_Problem requirements_
Start at the line with "intros Hp Hgamma HB Hw Hmax Hxs Hopt _ j." in the records below, stop at the line with "destruct (Hmax N", and return every line in that span exactly, the two end lines included.

_Data for the task_
________________________

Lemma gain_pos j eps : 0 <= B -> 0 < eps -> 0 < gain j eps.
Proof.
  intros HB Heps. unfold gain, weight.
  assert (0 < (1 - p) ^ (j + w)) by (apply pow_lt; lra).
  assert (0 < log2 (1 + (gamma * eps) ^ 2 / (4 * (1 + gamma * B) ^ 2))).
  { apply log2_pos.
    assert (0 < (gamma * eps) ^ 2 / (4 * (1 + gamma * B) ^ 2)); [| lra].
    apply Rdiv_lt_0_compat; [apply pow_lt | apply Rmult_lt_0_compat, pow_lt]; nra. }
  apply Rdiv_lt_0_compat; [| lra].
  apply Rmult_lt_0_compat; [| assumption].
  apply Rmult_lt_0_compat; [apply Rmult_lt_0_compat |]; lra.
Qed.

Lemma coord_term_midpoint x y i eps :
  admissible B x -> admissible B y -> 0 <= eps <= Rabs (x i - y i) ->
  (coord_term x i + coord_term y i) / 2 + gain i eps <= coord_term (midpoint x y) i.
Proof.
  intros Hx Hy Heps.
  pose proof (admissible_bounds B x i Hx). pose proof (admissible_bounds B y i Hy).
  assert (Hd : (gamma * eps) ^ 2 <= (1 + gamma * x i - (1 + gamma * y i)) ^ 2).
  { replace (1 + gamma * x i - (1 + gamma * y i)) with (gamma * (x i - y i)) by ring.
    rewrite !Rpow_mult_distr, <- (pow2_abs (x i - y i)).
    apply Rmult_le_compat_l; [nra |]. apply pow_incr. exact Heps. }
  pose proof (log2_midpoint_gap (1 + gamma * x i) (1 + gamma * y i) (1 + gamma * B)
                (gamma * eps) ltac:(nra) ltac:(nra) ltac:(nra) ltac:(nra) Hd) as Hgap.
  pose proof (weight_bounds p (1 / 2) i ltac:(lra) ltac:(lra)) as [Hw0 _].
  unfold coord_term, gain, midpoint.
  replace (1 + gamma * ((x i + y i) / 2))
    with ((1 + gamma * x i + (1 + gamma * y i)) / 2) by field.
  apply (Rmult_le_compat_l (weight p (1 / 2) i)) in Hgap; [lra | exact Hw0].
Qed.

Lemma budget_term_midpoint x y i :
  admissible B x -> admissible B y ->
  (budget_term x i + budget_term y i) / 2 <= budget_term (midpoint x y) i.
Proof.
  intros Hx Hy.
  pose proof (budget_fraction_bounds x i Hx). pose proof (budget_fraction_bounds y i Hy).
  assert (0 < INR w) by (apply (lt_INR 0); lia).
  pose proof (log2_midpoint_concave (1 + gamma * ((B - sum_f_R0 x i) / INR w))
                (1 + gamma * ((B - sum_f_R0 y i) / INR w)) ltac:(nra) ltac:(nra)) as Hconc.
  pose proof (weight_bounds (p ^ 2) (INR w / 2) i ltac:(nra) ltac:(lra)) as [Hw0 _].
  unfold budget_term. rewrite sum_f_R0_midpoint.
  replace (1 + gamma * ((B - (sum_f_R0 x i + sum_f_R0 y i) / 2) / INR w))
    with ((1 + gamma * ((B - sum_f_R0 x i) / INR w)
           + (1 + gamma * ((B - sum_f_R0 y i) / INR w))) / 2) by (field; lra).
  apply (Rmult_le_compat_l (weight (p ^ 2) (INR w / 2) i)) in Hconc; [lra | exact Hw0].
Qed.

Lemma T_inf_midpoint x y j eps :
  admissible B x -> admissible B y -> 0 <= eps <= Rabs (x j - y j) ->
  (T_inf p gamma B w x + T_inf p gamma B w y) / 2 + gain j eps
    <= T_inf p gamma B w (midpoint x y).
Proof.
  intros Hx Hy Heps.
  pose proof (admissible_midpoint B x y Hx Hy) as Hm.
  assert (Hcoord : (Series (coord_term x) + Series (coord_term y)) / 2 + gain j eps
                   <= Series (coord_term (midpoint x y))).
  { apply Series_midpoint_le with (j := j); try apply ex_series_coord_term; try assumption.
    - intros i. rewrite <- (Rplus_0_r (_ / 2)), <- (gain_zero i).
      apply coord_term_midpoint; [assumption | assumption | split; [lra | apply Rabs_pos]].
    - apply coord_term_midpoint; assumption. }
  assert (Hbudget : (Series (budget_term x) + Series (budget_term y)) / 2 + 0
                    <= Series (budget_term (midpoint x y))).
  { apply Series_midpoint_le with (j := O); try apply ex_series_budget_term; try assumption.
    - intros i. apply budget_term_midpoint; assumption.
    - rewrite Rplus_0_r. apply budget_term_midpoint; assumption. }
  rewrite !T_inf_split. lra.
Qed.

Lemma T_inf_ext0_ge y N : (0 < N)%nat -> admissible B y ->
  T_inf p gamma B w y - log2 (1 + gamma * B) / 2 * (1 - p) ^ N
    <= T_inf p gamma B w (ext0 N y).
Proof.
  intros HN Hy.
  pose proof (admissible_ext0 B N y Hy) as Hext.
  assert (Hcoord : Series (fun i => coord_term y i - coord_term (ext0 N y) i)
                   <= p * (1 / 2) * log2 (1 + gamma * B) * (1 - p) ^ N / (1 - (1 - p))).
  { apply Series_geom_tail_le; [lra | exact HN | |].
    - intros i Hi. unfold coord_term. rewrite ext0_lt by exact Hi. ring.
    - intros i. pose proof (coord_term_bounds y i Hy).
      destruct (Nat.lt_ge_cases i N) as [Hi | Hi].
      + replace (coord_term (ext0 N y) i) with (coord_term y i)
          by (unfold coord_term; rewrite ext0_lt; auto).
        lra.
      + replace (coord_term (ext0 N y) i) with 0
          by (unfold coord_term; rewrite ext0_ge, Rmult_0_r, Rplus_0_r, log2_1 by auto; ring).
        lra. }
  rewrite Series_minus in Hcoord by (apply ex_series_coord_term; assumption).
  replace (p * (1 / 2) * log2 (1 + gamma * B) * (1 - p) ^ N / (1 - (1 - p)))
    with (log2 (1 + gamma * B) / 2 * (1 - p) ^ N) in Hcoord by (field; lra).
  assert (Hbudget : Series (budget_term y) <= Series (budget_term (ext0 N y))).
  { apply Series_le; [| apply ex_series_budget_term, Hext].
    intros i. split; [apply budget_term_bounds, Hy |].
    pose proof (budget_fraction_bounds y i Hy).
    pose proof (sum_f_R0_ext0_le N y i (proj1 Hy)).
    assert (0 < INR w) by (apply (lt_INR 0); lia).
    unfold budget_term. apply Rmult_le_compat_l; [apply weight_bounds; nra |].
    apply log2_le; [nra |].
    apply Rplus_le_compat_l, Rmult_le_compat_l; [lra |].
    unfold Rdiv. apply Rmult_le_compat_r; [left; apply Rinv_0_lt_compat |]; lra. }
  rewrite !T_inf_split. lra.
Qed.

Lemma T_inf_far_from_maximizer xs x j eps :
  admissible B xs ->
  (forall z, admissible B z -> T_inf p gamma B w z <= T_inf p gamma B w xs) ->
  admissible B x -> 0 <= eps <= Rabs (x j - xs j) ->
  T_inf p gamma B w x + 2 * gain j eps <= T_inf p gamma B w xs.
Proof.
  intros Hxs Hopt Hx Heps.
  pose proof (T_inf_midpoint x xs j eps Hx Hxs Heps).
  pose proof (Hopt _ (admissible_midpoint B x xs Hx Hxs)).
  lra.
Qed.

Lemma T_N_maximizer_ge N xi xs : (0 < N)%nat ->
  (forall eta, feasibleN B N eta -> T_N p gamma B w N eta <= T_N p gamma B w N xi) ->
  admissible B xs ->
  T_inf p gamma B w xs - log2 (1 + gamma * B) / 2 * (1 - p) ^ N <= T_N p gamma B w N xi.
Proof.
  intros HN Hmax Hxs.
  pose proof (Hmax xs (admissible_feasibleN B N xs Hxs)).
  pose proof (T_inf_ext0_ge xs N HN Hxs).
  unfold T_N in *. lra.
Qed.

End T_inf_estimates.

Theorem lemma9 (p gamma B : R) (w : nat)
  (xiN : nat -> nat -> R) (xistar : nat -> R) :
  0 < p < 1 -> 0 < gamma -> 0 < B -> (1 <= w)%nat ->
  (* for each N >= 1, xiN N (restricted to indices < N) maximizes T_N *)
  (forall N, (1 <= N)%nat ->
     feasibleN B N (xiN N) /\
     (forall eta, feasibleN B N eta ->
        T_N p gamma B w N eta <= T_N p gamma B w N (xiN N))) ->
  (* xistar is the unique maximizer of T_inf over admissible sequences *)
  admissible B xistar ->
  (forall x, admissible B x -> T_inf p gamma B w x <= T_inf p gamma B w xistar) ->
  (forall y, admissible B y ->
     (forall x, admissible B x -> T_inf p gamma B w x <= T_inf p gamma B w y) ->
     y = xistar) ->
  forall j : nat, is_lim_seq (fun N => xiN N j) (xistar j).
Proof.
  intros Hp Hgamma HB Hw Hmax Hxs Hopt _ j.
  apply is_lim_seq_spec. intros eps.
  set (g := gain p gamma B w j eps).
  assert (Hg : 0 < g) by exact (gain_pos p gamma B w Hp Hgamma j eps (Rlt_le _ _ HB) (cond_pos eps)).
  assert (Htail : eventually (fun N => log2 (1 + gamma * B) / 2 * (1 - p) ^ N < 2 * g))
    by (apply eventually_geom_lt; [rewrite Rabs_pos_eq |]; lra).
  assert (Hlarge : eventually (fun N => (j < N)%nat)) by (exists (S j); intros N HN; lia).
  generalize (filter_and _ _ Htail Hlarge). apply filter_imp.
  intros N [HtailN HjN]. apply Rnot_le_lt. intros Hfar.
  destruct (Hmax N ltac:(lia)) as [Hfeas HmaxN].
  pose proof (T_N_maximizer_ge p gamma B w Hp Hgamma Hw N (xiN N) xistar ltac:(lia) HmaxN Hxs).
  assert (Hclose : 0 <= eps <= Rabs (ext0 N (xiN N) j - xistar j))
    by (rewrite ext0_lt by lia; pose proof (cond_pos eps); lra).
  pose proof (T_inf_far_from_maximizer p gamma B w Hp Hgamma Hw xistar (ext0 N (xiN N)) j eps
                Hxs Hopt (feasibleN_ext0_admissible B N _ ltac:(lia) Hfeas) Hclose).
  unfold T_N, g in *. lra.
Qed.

________________________

_The answer_
  intros Hp Hgamma HB Hw Hmax Hxs Hopt _ j.
  apply is_lim_seq_spec. intros eps.
  set (g := gain p gamma B w j eps).
  assert (Hg : 0 < g) by exact (gain_pos p gamma B w Hp Hgamma j eps (Rlt_le _ _ HB) (cond_pos eps)).
  assert (Htail : eventually (fun N => log2 (1 + gamma * B) / 2 * (1 - p) ^ N < 2 * g))
    by (apply eventually_geom_lt; [rewrite Rabs_pos_eq |]; lra).
  assert (Hlarge : eventually (fun N => (j < N)%nat)) by (exists (S j); intros N HN; lia).
  generalize (filter_and _ _ Htail Hlarge). apply filter_imp.
  intros N [HtailN HjN]. apply Rnot_le_lt. intros Hfar.
  destruct (Hmax N ltac:(lia)) as [Hfeas HmaxN].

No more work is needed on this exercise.